Data excerpts

^^^^^^^^

Hypotheses (e_acyclic : acyclic e) (e_conn : connected e).

Lemma restricted_edgeH_tree (C : {set V}) :
  restricted e delta (edgeH e) C =
  \sum_p \sum_(q | q != p)
    unanimity (path_set e p q) (delta ^+ #|path_set e p q|.-1) C.
Proof.
have dpowE p q :
    dpow delta (dist e C p q) =
    unanimity (path_set e p q) (delta ^+ #|path_set e p q|.-1) C.
  by rewrite dist_path_set // /unanimity; case: ifP.
rewrite restricted_edgeH big_mkcond; apply: eq_bigr => p _.
have ends := path_set_ends e_sym e_acyclic e_conn p.
have [pC | pNC] := boolP (p \in C); last first.
  by apply/esym/big1 => q _; rewrite (unanimity_out _ (ends q).1 pNC).
rewrite big_mkcondl; apply: eq_bigr => q _; rewrite dpowE.
by case: (boolP (q \in C)) => // qNC; rewrite (unanimity_out _ (ends q).2 qNC).
Qed.

End RestrictedGame.

Theorem mainTheorem3 (V : finType) (e : rel V) (R : realFieldType) (delta : R) :
  is_tree e -> 0 < delta -> delta < 1 ->
  forall i : V,
    shapley (restricted e delta (edgeH e)) i =
    2^-1 * \sum_(p : V) \sum_(q : V | (q != p) && on_path e i p q)
             pair_term delta (dist e [set: V] p q).
Proof.
move=> [[e_sym _] e_conn e_acyclic] _ _ i.
rewrite (eq_shapley _ (restricted_edgeH_tree delta e_sym e_acyclic e_conn)).
rewrite shapley_sum mulr_sumr; apply: eq_bigr => p _.
rewrite shapley_sum mulr_sumr big_mkcondr; apply: eq_bigr => q _.
rewrite shapley_unanimity dist_path_set // subsetT inE.
case: ifP => // _; have [p_ends _] := path_set_ends e_sym e_acyclic e_conn p q.
have path_set_gt0 : (0 < #|path_set e p q|)%N by apply/card_gt0P; exists p.
rewrite /= prednK //; field.
by rewrite pnatr_eq0 -lt0n path_set_gt0.
Qed.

^^^^^^^^

TRY IT
Please return a copy of each line in the entries that has the string "case".

RESPONSE TO THIS TASK
  by rewrite dist_path_set // /unanimity; case: ifP.
by case: (boolP (q \in C)) => // qNC; rewrite (unanimity_out _ (ends q).2 qNC).
case: ifP => // _; have [p_ends _] := path_set_ends e_sym e_acyclic e_conn p q.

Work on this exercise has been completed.